**What you will do**
Make a word-for-word copy of the entries below from their first line through the line with "intros Hd Ha.", and add nothing.

**Records shown**

==========

Lemma Gamma_vertical_increment z a delta : 0 < delta <= 1 -> 0 <= a <= z ->
  exists G1 G2, is_Gamma c q (a, 0) (z, delta) G1 /\ is_Gamma c q (a, 0) (z, 0) G2 /\
    G1 - G2 <= (K + D * (z + 3)) * sqrt delta.
Proof.
  intros Hd Ha. destruct (sqrt_unit_interval_facts delta Hd) as (He & Hee & Hde & He1 & Hinv).
  destruct (Gamma_exists_ge_straight a 0 z delta) as (G1 & v1 & HG1 & _); [split; lra|].
  destruct (Gamma_exists_ge_straight a 0 z 0) as (G2 & v2 & HG2 & Hv2 & Hv2G); [split; lra|].
  exists G1, G2. split; [exact HG1|]. split; [exact HG2|].
  pose proof (Gamma_vertical_le z a delta G1 ltac:(lra) HG1) as HG1b.
  assert (HG2b : 1 * smoothed_prim b r delta 0 (- delta) n ((z - a) + a - q)
                 - 1 * smoothed_prim b r delta 0 (- delta) n (a - q) <= v2).
  { apply (straight_value_ge delta 1 (z - a) a
      (fun s => gamma (z - a) (0 - 0) / c ((z - a) * s + a - q)) v2); try lra; auto.
    intros s. replace (0 - 0) with 0 by ring. rewrite gamma_horizontal by lra. unfold Rdiv. lra. }
  replace (z - a + a - q) with (z - q) in HG2b by ring.
  pose proof (smoothed_prim_gap b r delta ltac:(lra) n (z - q) (a - q)) as Hgap.
  set (e := sqrt delta) in *.
  pose proof (inv_speed_bound_ge0 r n (proj2 Hdat 0%nat ltac:(lia))) as HD. fold D in HD.
  pose proof (smoothing_defect_ge0 r n (proj2 Hdat 0%nat ltac:(lia))) as HK. fold K in HK, Hgap.
  assert (delta * K <= e * K) by (apply Rmult_le_compat_r; lra).
  assert (D * e * (z - a) <= D * e * z) by (apply Rmult_le_compat_l; nra).
  assert (D * (e * delta + delta + e) <= D * (3 * e)) by (apply Rmult_le_compat_l; nra).
  replace (D * (e + (1 + / e)) * delta) with (D * (e * delta + delta + / e * delta)) in HG1b
    by ring.
  rewrite Hinv in HG1b. nra.
Qed.

Lemma Gamma_diagonal_increment w b0 delta : 0 < delta <= 1 -> 0 <= b0 <= w ->
  exists G1 G2, is_Gamma c q (- b0, b0) (- w, w + delta) G1 /\
    is_Gamma c q (- b0, b0) (- w, w) G2 /\ G1 - G2 <= (K + D * (w + 3)) * sqrt delta.
Proof.
  intros Hd Hb. destruct (sqrt_unit_interval_facts delta Hd) as (He & Hee & Hde & He1 & Hinv).
  destruct (Gamma_exists_ge_straight (- b0) b0 (- w) (w + delta)) as (G1 & v1 & HG1 & _);
    [split; lra|].
  destruct (Gamma_exists_ge_straight (- b0) b0 (- w) w) as (G2 & v2 & HG2 & Hv2 & Hv2G);
    [split; lra|].
  exists G1, G2. split; [exact HG1|]. split; [exact HG2|].
  pose proof (Gamma_diagonal_le w b0 delta G1 ltac:(lra) HG1) as HG1b.
  assert (HG2b : -1 * smoothed_prim b r delta 0 (- delta) n ((b0 - w) + - b0 - q)
                 - -1 * smoothed_prim b r delta 0 (- delta) n (- b0 - q) <= v2).
  { apply (straight_value_ge delta (-1) (b0 - w) (- b0)
      (fun s => gamma (- w - - b0) (w - b0) / c ((- w - - b0) * s + - b0 - q)) v2); try lra; auto.
    intros s. replace (- w - - b0) with (- (w - b0)) by ring.
    rewrite gamma_antidiagonal by lra. replace (- (w - b0)) with (b0 - w) by ring.
    unfold Rdiv. lra. }
  replace (b0 - w + - b0 - q) with (- w - q) in HG2b by ring.
  pose proof (smoothed_prim_gap b r delta ltac:(lra) n (- b0 - q) (- w - q)) as Hgap.
  set (e := sqrt delta) in *.
  pose proof (inv_speed_bound_ge0 r n (proj2 Hdat 0%nat ltac:(lia))) as HD. fold D in HD.
  pose proof (smoothing_defect_ge0 r n (proj2 Hdat 0%nat ltac:(lia))) as HK. fold K in HK, Hgap.
  assert (delta * K <= e * K) by (apply Rmult_le_compat_r; lra).
  assert (Hlin : D * (1 + / e) * (b0 - w) + D * (e + (1 + / e)) * (w + delta - b0)
                 = D * (e * (w - b0) + e * delta + delta + / e * delta)) by ring.
  rewrite Hinv in Hlin.
  assert (D * (e * (w - b0) + e * delta + delta + e) <= D * (e * w + 3 * e))
    by (apply Rmult_le_compat_l; nra).
  nra.
Qed.

End Gamma.

Theorem mainTheorem9 :
  forall (n : nat) (b r : nat -> R) (q z w : R),
    is_step_speed_data n b r -> 0 < z -> 0 < w ->
    let c := step_speed n b r in
    exists C : R,
      (forall delta a : R, 0 < delta <= 1 -> 0 <= a <= z ->
         exists G1 G2 : R,
           is_Gamma c q (a, 0) (z, delta) G1 /\
           is_Gamma c q (a, 0) (z, 0) G2 /\
           G1 - G2 <= C * sqrt delta) /\
      (forall delta b0 : R, 0 < delta <= 1 -> 0 <= b0 <= w ->
         exists G1 G2 : R,
           is_Gamma c q (- b0, b0) (- w, w + delta) G1 /\
           is_Gamma c q (- b0, b0) (- w, w) G2 /\
           G1 - G2 <= C * sqrt delta).
Proof.
  intros n b r q z w Hdat Hz Hw c.
  set (D := inv_speed_bound r n). set (K := smoothing_defect r n).
  assert (HD : 0 <= D) by (apply inv_speed_bound_ge0, (proj2 Hdat); lia).
  assert (HC : forall x delta, 0 <= x <= z + w -> 0 < delta ->
    (K + D * (x + 3)) * sqrt delta <= (K + D * (z + w + 3)) * sqrt delta).
  { intros x delta Hx Hd. apply Rmult_le_compat_r; [apply sqrt_pos | nra]. }
  exists (K + D * (z + w + 3)). split.
  - intros delta a Hd Ha.
    destruct (Gamma_vertical_increment n b r q Hdat z a delta Hd Ha) as (G1 & G2 & H1 & H2 & H12).
    exists G1, G2. split; [exact H1|]. split; [exact H2|].
    fold D K in H12. pose proof (HC z delta ltac:(lra) ltac:(lra)). lra.
  - intros delta b0 Hd Hb.
    destruct (Gamma_diagonal_increment n b r q Hdat w b0 delta Hd Hb) as (G1 & G2 & H1 & H2 & H12).
    exists G1, G2. split; [exact H1|]. split; [exact H2|].
    fold D K in H12. pose proof (HC w delta ltac:(lra) ltac:(lra)). lra.
Qed.
Lemma has_ty_uniq s T1 T2 : has_ty s T1 -> has_ty s T2 -> T1 = T2.
Proof.
move=> H; elim: H T2 => [x|s' t sg tau _ IH1 _ _|x s' tau _ IH] T2 H2;
  inversion H2; subst => //.
- match goal with H : has_ty s' _ |- _ => by case: (IH1 _ H) end.
- match goal with H : has_ty s' _ |- _ => by rewrite (IH _ H) end.
Qed.

Lemma has_ty_N_inv x U : has_ty (N x) U -> U = nty x.
Proof. by move=> H; inversion H. Qed.

Lemma has_ty_App_inv s t U :
  has_ty (App s t) U -> exists sg, has_ty s (Arr sg U) /\ has_ty t sg.
Proof. by move=> H; inversion H; subst; eauto. Qed.

Lemma has_ty_neg_inv s U : has_ty (neg s) U -> has_ty s (TO S).
Proof. by case/has_ty_App_inv=> sg [/has_ty_N_inv [->]]. Qed.

Lemma has_ty_eqn_inv T s t U : has_ty (eqn T s t) U -> has_ty s T /\ has_ty t T.
Proof.
case/has_ty_App_inv=> sg [/has_ty_App_inv [sg' [/has_ty_N_inv [-> ->] Hs]] Ht].
by [].
Qed.

Lemma has_ty_apps_head h ts U : has_ty (apps h ts) U -> exists U', has_ty h U'.
Proof.
elim: ts h => [|t ts IH] h /=; first by eauto.
by case/IH=> U' /has_ty_App_inv [sg [Hh _]]; eauto.
Qed.

Lemma has_ty_apps_args (g : ty S * (term S * term S) -> term S) l h U T0 :
  has_ty (apps h (map g l)) U -> has_ty h (arrows (map fst l) T0) ->
  forall p, In p l -> has_ty (g p) p.1.
Proof.
elim: l h => [|p l IH] h //= Happ Hh q Hq.
have [U' /has_ty_App_inv [sg [Hh' Hp]]] := has_ty_apps_head Happ.
have [Esg EU'] : sg = p.1 /\ U' = arrows (map fst l) T0.
  by case: (has_ty_uniq Hh' Hh).
subst sg U'; case: Hq => [<-|Hq] //.
exact: IH (ty_App Hh' Hp) q Hq.
Qed.

End Typing.

Section Evaluation.
Variables (S : countType) (F : frame S).
Implicit Types (s t h : term S) (T U : ty S) (x y : name S) (I : valuation F).

Lemma existT_dom_inj T (a b : dom F T) :
  existT (dom F) T a = existT (dom F) T b -> a = b.
Proof. by apply: inj_pair2_eq_dec; apply: ty_eq_dec. Qed.

Lemma eval_N_inv I x T (v : dom F T) :
  eval I (N x) v -> existT (dom F) T v = existT (dom F) (nty x) (I x).
Proof. by move=> H; inversion H. Qed.

Lemma eval_App_inv I s t T (v : dom F T) :
  eval I (App s t) v -> exists sg (f : dom F (Arr sg T)) (a : dom F sg),
    [/\ eval I s f, eval I t a & v = Defs.app f a].
Proof.
move=> H; inversion H; subst.
match goal with E : existT _ _ _ = existT _ _ _ |- _ =>
  have E' := existT_dom_inj E end.
by subst; exists sg, f, a.
Qed.
(* Fix $N\ge 1$, $L>0$, $\alpha>0$, $p>0$, $\lambda_e>0$ and $\epsilon\in(0,1)$. Let $K_1=\pi\lambda_e\Gamma(\frac{2}{\alpha}+1)$, $K_4=\frac{N\left[(L/N)^\alpha+1\right]}{p}$, and $$R_e^{*}=\log_2\!\left[\frac{2p}{\alpha}\,W_0\!\left(\frac{\alpha}{2}\left[\frac{\ln\frac{1}{1-\epsilon}}{NK_1}\right]^{-\alpha/2}\right)+1\right].$$ Then the function $$\mathbb{U}(R_t)=\frac{(R_t-R_e^* )\exp\!\left[-K_4\left(2^{R_t}-1\right)\right]}{N},\qquad R_t>R_e^*,$$ is quasi-concave with unique maximizer $R_t^*=R_e^*+\frac{1}{\ln2}W_0\!\left(\frac{2^{-R_e^*}}{K_4}\right)$, and consequently the non-on-off-transmission throughput $\mathbb{U}_{\mathrm{NOFT}}=\mathcal{P}_cR_s/N$ is maximized over all $(R_t,R_s)$ with $R_t\ge R_s>0$ and $\mathcal{P}_{\mathrm{so}}\le\epsilon$ by $R_t=R_t^*$ and $$R_s=R_s^*=\frac{1}{\ln2}W_0\!\left(\frac{2^{-R_e^*}}{K_4}\right).$$
   Context: Setup (linear multihop network). Source and destination are at distance $L$, connected by $N$ equal-length hops of length $L/N$. Fix path-loss exponent $\alpha>0$, transmitter-side SNR $p>0$, eavesdropper density $\lambda_e>0$. Legitimate hop $n$ has received SNR $\mathrm{SNR}_n=\frac{pH_n}{(L/N)^\alpha+1}$ with $H_n$ i.i.d. exponential of mean 1. For each hop $n$, eavesdroppers form independent homogeneous Poisson point processes $\Phi_{ne}$ of intensity $\lambda_e$ on $\mathbb{R}^2$; eavesdropper $e\in\Phi_{ne}$ has SNR $pS_{ne}/(|X_{ne}|^\alpha+1)$, with $|X_{ne}|$ its distance to the hop-$n$ transmitter and $S_{ne}$ i.i.d. Exp(1) independent of everything. Wiretap code rates $R_t\ge R_s>0$, $R_e=R_t-R_s$, $\beta_t=2^{R_t}-1$, $\beta_e=2^{R_e}-1$. The end-to-end secrecy outage probability is $\mathcal{P}_{\mathrm{so}}=\mathbb{P}(\max_n\max_{e\in\Phi_{ne}}\mathrm{SNR}_{ne}>\beta_e)=1-\exp[-NK_1(\beta_e/p)^{-2/\alpha}e^{-\beta_e/p}]$. Non-on-off transmission (NOFT): every hop always transmits; the end-to-end connection probability is $\mathcal{P}_c=\mathbb{P}(\min_n\mathrm{SNR}_n>\beta_t)=\exp[-N\beta_t((L/N)^\alpha+1)/p]$, and the secure transmission throughput is $\mathbb{U}_{\mathrm{NOFT}}=\mathcal{P}_cR_s/N$. $W_0$ denotes the principal branch of the Lambert W function. *)

From Stdlib Require Import Reals Lra ClassicalEpsilon Factorial.
Open Scope R_scope.

(* Principal branch of the Lambert W function: for y >= -1/e, W0 y is the
   unique w >= -1 with w * exp w = y (chosen by Hilbert's epsilon). *)
Definition W0 (y : R) : R :=
  epsilon (inhabits 0) (fun w => -1 <= w /\ w * exp w = y).

Definition log2 (x : R) : R := ln x / ln 2.

(* Euler's limit formula for the Gamma function:
   Gamma x = lim_n n! n^x / (x (x+1) ... (x+n)),  x > 0. *)
Fixpoint rising_prod (x : R) (n : nat) : R :=
  match n with
  | O => x
  | S m => rising_prod x m * (x + INR (S m))
  end.

Definition Gamma_seq (x : R) (n : nat) : R :=
  INR (fact n) * Rpower (INR n) x / rising_prod x n.

Definition is_Gamma (x g : R) : Prop := Un_cv (Gamma_seq x) g.

Definition K4 (N : nat) (L alpha p : R) : R :=
  INR N * (Rpower (L / INR N) alpha + 1) / p.

Definition Re_star (N : nat) (alpha p K1 eps : R) : R :=
  log2 (2 * p / alpha *
        W0 (alpha / 2 * Rpower (ln (1 / (1 - eps)) / (INR N * K1)) (- alpha / 2))
        + 1).

Definition U_fun (N : nat) (L alpha p K1 eps Rt : R) : R :=
  (Rt - Re_star N alpha p K1 eps)
  * exp (- K4 N L alpha p * (Rpower 2 Rt - 1)) / INR N.

(* end-to-end secrecy outage probability, beta_e = 2^{Rt-Rs} - 1.
   For beta_e = 0 (R_t = R_s) the outage probability equals 1
   (limit of the closed form as beta_e -> 0+). *)
Definition P_so (N : nat) (alpha p K1 Rt Rs : R) : R :=
  let be := Rpower 2 (Rt - Rs) - 1 in
  if Rlt_dec 0 be then
    1 - exp (- INR N * K1 * Rpower (be / p) (- (2 / alpha)) * exp (- (be / p)))
  else 1.

Definition P_c (N : nat) (L alpha p Rt : R) : R :=
  exp (- INR N * (Rpower 2 Rt - 1) * (Rpower (L / INR N) alpha + 1) / p).

Definition U_NOFT (N : nat) (L alpha p Rt Rs : R) : R :=
  P_c N L alpha p Rt * Rs / INR N.

Definition quasi_concave_on (D : R -> Prop) (f : R -> R) : Prop :=
  forall x y t, D x -> D y -> 0 <= t <= 1 ->
    Rmin (f x) (f y) <= f (t * x + (1 - t) * y).

From Stdlib Require Import Reals Lra Lia ClassicalEpsilon Factorial.
Open Scope R_scope.

(* With G(R_t) = ln (R_t - R_e^* ) - K4 2^{R_t}, the throughput is U = exp (G + K4) / N,
   and G is strictly concave: ln is concave and 2^{R_t} strictly convex, so G lies strictly
   below each of its tangents away from the point of contact.  Hence U is quasi-concave
   and its unique maximiser is the zero of G'(R_t) = 1/(R_t - R_e^* ) - K4 ln 2 2^{R_t},
   which after the substitution w = (R_t - R_e^* ) ln 2 is the equation w e^w = 2^{-R_e^*}/K4,
   solved by W0.  On the other side, the outage probability decreases in
   beta_e = 2^{R_t - R_s} - 1, through the decreasing map b |-> b^{-2/alpha} e^{-b/p},
   so the constraint P_so <= eps reads R_t - R_s >= R_e^*, where equality is attained
   exactly at the W0 formula defining R_e^*.  Since the connection probability only
   depends on R_t, the best secrecy rate for a given R_t is R_t - R_e^*, which reduces
   the throughput maximisation to that of U. *)

Lemma ln_le_sub1 z : 0 < z -> ln z <= z - 1.
Proof. intro Hz. pose proof (exp_ineq1_le (ln z)) as Hexp. rewrite exp_ln in Hexp; lra. Qed.

Lemma ln_lt_sub1 z : 0 < z -> z <> 1 -> ln z < z - 1.
Proof.
  intros Hz H1. assert (Hln : ln z <> 0) by (apply ln_neq_0; assumption).
  pose proof (exp_ineq1 _ Hln) as Hexp. rewrite exp_ln in Hexp; lra.
Qed.

Lemma ln2_pos : 0 < ln 2.
Proof. pose proof ln_lt_2. lra. Qed.

Lemma Rpower2_pos x : 0 < Rpower 2 x.
Proof. apply exp_pos. Qed.

Lemma Rpower2_le_iff x y : Rpower 2 x <= Rpower 2 y <-> x <= y.
Proof.
  split; intro H.
  - destruct (Rle_or_lt x y) as [|Hlt]; [assumption|].
    pose proof (Rpower_lt 2 y x ltac:(lra) Hlt). lra.
  - apply Rle_Rpower; lra.
Qed.

Lemma W0_pos_spec y : 0 < y -> 0 < W0 y /\ W0 y * exp (W0 y) = y.
Proof.
  intro Hy.
  assert (Hex : exists w, -1 <= w /\ w * exp w = y).
  { destruct (IVT (fun w => w * exp w - y) 0 y) as [w [Hw0 Hw]].
    - apply continuity_minus; [|apply continuity_const; intros ? ?; reflexivity].
      apply continuity_mult; apply derivable_continuous;
        [apply derivable_id | apply derivable_exp].
    - exact Hy.
    - rewrite Rmult_0_l. lra.
    - pose proof (exp_ineq1 y ltac:(lra)).
      assert (0 < y * (exp y - 1)) by (apply Rmult_lt_0_compat; lra). lra.
    - exists w. split; lra. }
  destruct (epsilon_spec (inhabits 0) _ Hex) as [_ Hw].
  unfold W0. split; [|exact Hw].
  pose proof (exp_pos (epsilon (inhabits 0) (fun w => -1 <= w /\ w * exp w = y))).
  nra.
Qed.

(** * Positivity of Gamma *)

Lemma rising_prod_pos x n : 0 < x -> 0 < rising_prod x n.
Proof.
  intro Hx. induction n as [|n IH]; cbn [rising_prod]; [lra|].
  pose proof (pos_INR (S n)). nra.
Qed.

(* ln (a + 1) - ln a >= 1 / (a + 1), then exponentiate. *)
Lemma Rpower_succ_ge a x : 0 < a -> 0 <= x ->
  Rpower a x * (1 + x / (a + 1)) <= Rpower (a + 1) x.
Proof.
  intros Ha Hx.
  set (d := ln (a + 1) - ln a).
  assert (Hd : / (a + 1) <= d).
  { assert (Hq : 0 < a / (a + 1)) by (apply Rdiv_lt_0_compat; lra).
    pose proof (ln_le_sub1 _ Hq) as Hle.
    unfold Rdiv in Hle. rewrite ln_mult, ln_Rinv in Hle by (try apply Rinv_0_lt_compat; lra).
    replace (a * / (a + 1) - 1) with (- / (a + 1)) in Hle by (field; lra).
    unfold d. lra. }
  assert (Hsplit : Rpower (a + 1) x = Rpower a x * exp (x * d)).
  { unfold Rpower, d. rewrite <- exp_plus. f_equal. ring. }
  rewrite Hsplit. apply Rmult_le_compat_l; [left; apply exp_pos|].
  pose proof (exp_ineq1_le (x * d)).
  assert (x * / (a + 1) <= x * d) by (apply Rmult_le_compat_l; lra).
  unfold Rdiv. lra.
Qed.

Lemma Gamma_seq_pos x n : 0 < x -> 0 < Gamma_seq x n.
Proof.
  intro Hx. unfold Gamma_seq, Rdiv.
  apply Rmult_lt_0_compat; [|apply Rinv_0_lt_compat, rising_prod_pos; exact Hx].
  apply Rmult_lt_0_compat; [apply INR_fact_lt_0 | apply exp_pos].
Qed.

Lemma Gamma_seq_le_succ x n : 0 < x -> (1 <= n)%nat ->
  Gamma_seq x n <= Gamma_seq x (S n).
Proof.
  intros Hx Hn. unfold Gamma_seq.
  change (rising_prod x (S n)) with (rising_prod x n * (x + INR (S n))).
  change (fact (S n)) with (S n * fact n)%nat.
  rewrite mult_INR, S_INR.
  assert (Hn0 : 0 < INR n) by (apply lt_0_INR; lia).
  pose proof (INR_fact_lt_0 n) as HF. pose proof (rising_prod_pos x n Hx) as Hr.
  pose proof (Rpower_succ_ge (INR n) x Hn0 ltac:(lra)) as Hpow.
  set (F := INR (fact n)) in *. set (r := rising_prod x n) in *.
  set (A := Rpower (INR n) x) in *. set (B := Rpower (INR n + 1) x) in *.
  replace (F * A / r)
    with ((INR n + 1) * F * (A * (1 + x / (INR n + 1))) / (r * (x + (INR n + 1))))
    by (field; lra).
  unfold Rdiv. apply Rmult_le_compat_r; [left; apply Rinv_0_lt_compat; nra|].
  apply Rmult_le_compat_l; nra.
Qed.

Lemma Gamma_pos x g : 0 < x -> is_Gamma x g -> 0 < g.
Proof.
  intros Hx Hg.
  assert (Hmono : forall n, (1 <= n)%nat -> Gamma_seq x 1 <= Gamma_seq x n).
  { induction n as [|n IH]; intro Hn; [lia|].
    destruct (Nat.eq_dec n 0) as [->|Hn0]; [lra|].
    pose proof (Gamma_seq_le_succ x n Hx ltac:(lia)). specialize (IH ltac:(lia)). lra. }
  pose proof (Gamma_seq_pos x 1 Hx).
  destruct (Rlt_or_le 0 g) as [|Hle]; [assumption|exfalso].
  destruct (Hg (Gamma_seq x 1 - g)) as [M HM]; [lra|].
  specialize (HM (max M 1) (Nat.le_max_l _ _)). unfold R_dist in HM.
  specialize (Hmono (max M 1) (Nat.le_max_r _ _)).
  pose proof (RRle_abs (Gamma_seq x (max M 1) - g)). lra.
Qed.

(** * Concavity of the log-throughput *)

Lemma ln_lt_tangent a b : 0 < a -> 0 < b -> b <> a -> ln b < ln a + (b - a) / a.
Proof.
  intros Ha Hb Hne.
  assert (Hq : 0 < b / a) by (apply Rdiv_lt_0_compat; lra).
  assert (Hq1 : b / a <> 1).
  { intro E. apply Hne. apply (Rmult_eq_reg_r (/ a)); [|apply Rinv_neq_0_compat; lra].
    fold (b / a). rewrite E. field. lra. }
  pose proof (ln_lt_sub1 _ Hq Hq1) as Hlt.
  unfold Rdiv in Hlt. rewrite ln_mult, ln_Rinv in Hlt by (try apply Rinv_0_lt_compat; lra).
  replace (b * / a - 1) with ((b - a) / a) in Hlt by (field; lra). lra.
Qed.

Lemma Rpower2_gt_tangent m x : x <> m -> Rpower 2 m * (1 + (x - m) * ln 2) < Rpower 2 x.
Proof.
  intro Hne. pose proof ln2_pos.
  assert (Hsplit : Rpower 2 x = Rpower 2 m * exp ((x - m) * ln 2)).
  { unfold Rpower. rewrite <- exp_plus. f_equal. ring. }
  rewrite Hsplit. apply Rmult_lt_compat_l; [apply Rpower2_pos|].
  apply exp_ineq1. intro E. apply Rmult_integral in E. destruct E; lra.
Qed.

Lemma convex_comb_gt r0 x y t : r0 < x -> r0 < y -> 0 <= t <= 1 ->
  r0 < t * x + (1 - t) * y.
Proof.
  intros Hx Hy Ht.
  replace (t * x + (1 - t) * y) with (r0 + (t * (x - r0) + (1 - t) * (y - r0))) by ring.
  destruct (Req_dec t 0) as [->|Ht0]; [lra|].
  assert (0 < t * (x - r0)) by (apply Rmult_lt_0_compat; lra).
  assert (0 <= (1 - t) * (y - r0)) by (apply Rmult_le_pos; lra). lra.
Qed.

Section LogThroughput.

Variables r0 K : R.
Hypothesis HK : 0 < K.

Definition log_throughput r := ln (r - r0) - K * Rpower 2 r.

Definition log_throughput_slope m := / (m - r0) - K * ln 2 * Rpower 2 m.

Lemma log_throughput_lt_tangent x m : r0 < x -> r0 < m -> x <> m ->
  log_throughput x < log_throughput m + log_throughput_slope m * (x - m).
Proof.
  intros Hx Hm Hne. unfold log_throughput, log_throughput_slope.
  pose proof (ln_lt_tangent (m - r0) (x - r0) ltac:(lra) ltac:(lra) ltac:(lra)).
  pose proof (Rpower2_gt_tangent m x Hne).
  replace ((x - r0 - (m - r0)) / (m - r0)) with (/ (m - r0) * (x - m)) in H by (field; lra).
  nra.
Qed.

Lemma log_throughput_le_tangent x m : r0 < x -> r0 < m ->
  log_throughput x <= log_throughput m + log_throughput_slope m * (x - m).
Proof.
  intros Hx Hm. destruct (Req_dec x m) as [->|Hne].
  - rewrite Rminus_diag, Rmult_0_r, Rplus_0_r. apply Rle_refl.
  - left. apply log_throughput_lt_tangent; assumption.
Qed.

==========

**Solution to this exercise**
Lemma Gamma_vertical_increment z a delta : 0 < delta <= 1 -> 0 <= a <= z ->
  exists G1 G2, is_Gamma c q (a, 0) (z, delta) G1 /\ is_Gamma c q (a, 0) (z, 0) G2 /\
    G1 - G2 <= (K + D * (z + 3)) * sqrt delta.
Proof.
  intros Hd Ha. destruct (sqrt_unit_interval_facts delta Hd) as (He & Hee & Hde & He1 & Hinv).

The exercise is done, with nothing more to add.